■ Task goal ■
Some lines in the material below hold the word "move". Copy all of them.

■ Dataset excerpts ■
Section WeightedComponents.
Variables (k : fieldType) (m : nat) (w : 'I_m -> int).
Local Notation R := {mpoly k[m]}.
Local Notation P := {poly R}.
Local Notation lm := (lam w).

Lemma lamD u v : lm (u + v)%MM = lm u + lm v.
Proof.
rewrite /lam -big_split /=; apply: eq_bigr => i _.
by rewrite mnmDE PoszD mulrDr.
Qed.

Lemma lam0 : lm 0%MM = 0.
Proof. by rewrite /lam big1 // => i _; rewrite mnm0E mulr0. Qed.

Lemma bdeg_ge (q : R) u : u \in msupp q -> lm u <= bdeg w q.
Proof. by move=> hu; apply: le_bigmax_seq. Qed.

Lemma bdeg_attained (q : R) : q != 0 -> exists2 u, u \in msupp q & bdeg w q = lm u.
Proof.
move=> q0; have := bigmax_mem (msupp q) lm (lm (head 0%MM (msupp q))).
rewrite -/(bdeg w q) inE => /orP[/eqP->|/mapP[u hu ->]]; last by exists u.
exists (head 0%MM (msupp q)) => //.
by move: q0; rewrite -msupp_eq0; case: (msupp q) => //= a s _; exact: mem_head.
Qed.

(* [wcomp e y] is Q_e(y): the degree-e part of y for deg t = 1 and
   deg x^v = lambda(v), evaluated at t = 1. *)
Definition wcomp (e : int) (y : P) : R :=
  \sum_(i < size y) \sum_(v <- msupp y`_i)
     (((i%:Z + lm v == e)%:R * y`_i@_v) *: 'X_[v]).

Lemma mcoeff_wcomp e y v : (wcomp e y)@_v =
  if 0 <= e - lm v then (y`_(absz (e - lm v)))@_v else 0.
Proof.
have eqE (i : nat) : (i%:Z + lm v == e) = (0 <= e - lm v) && (i == absz (e - lm v)).
  by apply/eqP/andP => [H|[/eqP H1 /eqP H2]]; [split; apply/eqP|]; lia.
rewrite /wcomp raddf_sum /=.
under eq_bigr do rewrite (mcoeff_sum_msupp (fun v => (_ + lm v == e)%:R)) eqE.
case: ifP => h /=; last by rewrite big1 // => i _; rewrite mul0r.
case: (ltnP (absz (e - lm v)) (size y)) => hj.
  rewrite (bigD1 (Ordinal hj)) //= eqxx mul1r big1 ?addr0 // => i /eqP hi.
  suff /negbTE -> : (i : nat) != absz (e - lm v) by rewrite mul0r.
  by apply/eqP => hh; apply: hi; apply: val_inj.
rewrite nth_default // mcoeff0 big1 // => i _.
suff /negbTE -> : (i : nat) != absz (e - lm v) by rewrite mul0r.
by apply/eqP => hh; have := ltn_ord i; rewrite hh ltnNge hj.
Qed.

Lemma wcomp0 e : wcomp e 0 = 0.
Proof. by apply/mpolyP => v; rewrite mcoeff_wcomp coef0 mcoeff0; case: ifP. Qed.

Lemma wcompD e y1 y2 : wcomp e (y1 + y2) = wcomp e y1 + wcomp e y2.
Proof.
apply/mpolyP => v; rewrite mcoeffD !mcoeff_wcomp; case: ifP => _; last by rewrite addr0.
by rewrite coefD mcoeffD.
Qed.

Lemma wcomp_monomialM e (a : k) u (c : nat) y :
  wcomp e (((a *: 'X_[u])%:P * 'X^c) * y) =
  (a *: 'X_[u]) * wcomp (e - c%:Z - lm u) y.
Proof.
apply/mpolyP => v.
rewrite mcoeff_wcomp -mulrA coefCM -!scalerAl !mcoeffZ !mcoeffXM coefXnM mcoeff_wcomp.
case: (boolP (u <= v)%MM) => huv; last by rewrite mulr0; case: ifP.
have lv : lm v = lm (v - u)%MM + lm u by rewrite -lamD submK.
case: (boolP (0 <= e - lm v)) => h1; case: (boolP (`|e - lm v| < c)%N) => h2;
  case: (boolP (0 <= e - c%:Z - lm u - lm (v - u)%MM)) => h3;
  rewrite ?mcoeff0 ?mulr0 //; try (exfalso; lia).
by do 3 f_equal; lia.
Qed.

Lemma wcompXM e y : wcomp e ('X * y) = wcomp (e - 1) y.
Proof.
have -> : ('X : P) = (1 *: 'X_[0%MM])%:P * 'X^1.
  by rewrite scale1r mpolyX0 mul1r expr1.
by rewrite wcomp_monomialM mpolyX0 scale1r mul1r lam0 subr0.
Qed.

Lemma coef_gstar (q : R) j v :
  ((gstar w q)`_j)@_v = (j == absz (bdeg w q - lm v))%:R * q@_v.
Proof.
rewrite /gstar coef_sum.
rewrite (eq_bigr (fun u => ((j == absz (bdeg w q - lm u))%:R * q@_u) *: 'X_[u])).
  exact: (mcoeff_sum_msupp (fun u => (j == absz (bdeg w q - lm u))%:R)).
move=> u _; rewrite coefCM coefXn.
by case: eqP => _; rewrite ?mulr1 ?mul1r ?mulr0 ?mul0r ?scale0r.
Qed.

■ Solved problem ■
Proof. by move=> hu; apply: le_bigmax_seq. Qed.
move=> q0; have := bigmax_mem (msupp q) lm (lm (head 0%MM (msupp q))).
by move: q0; rewrite -msupp_eq0; case: (msupp q) => //= a s _; exact: mem_head.
move=> u _; rewrite coefCM coefXn.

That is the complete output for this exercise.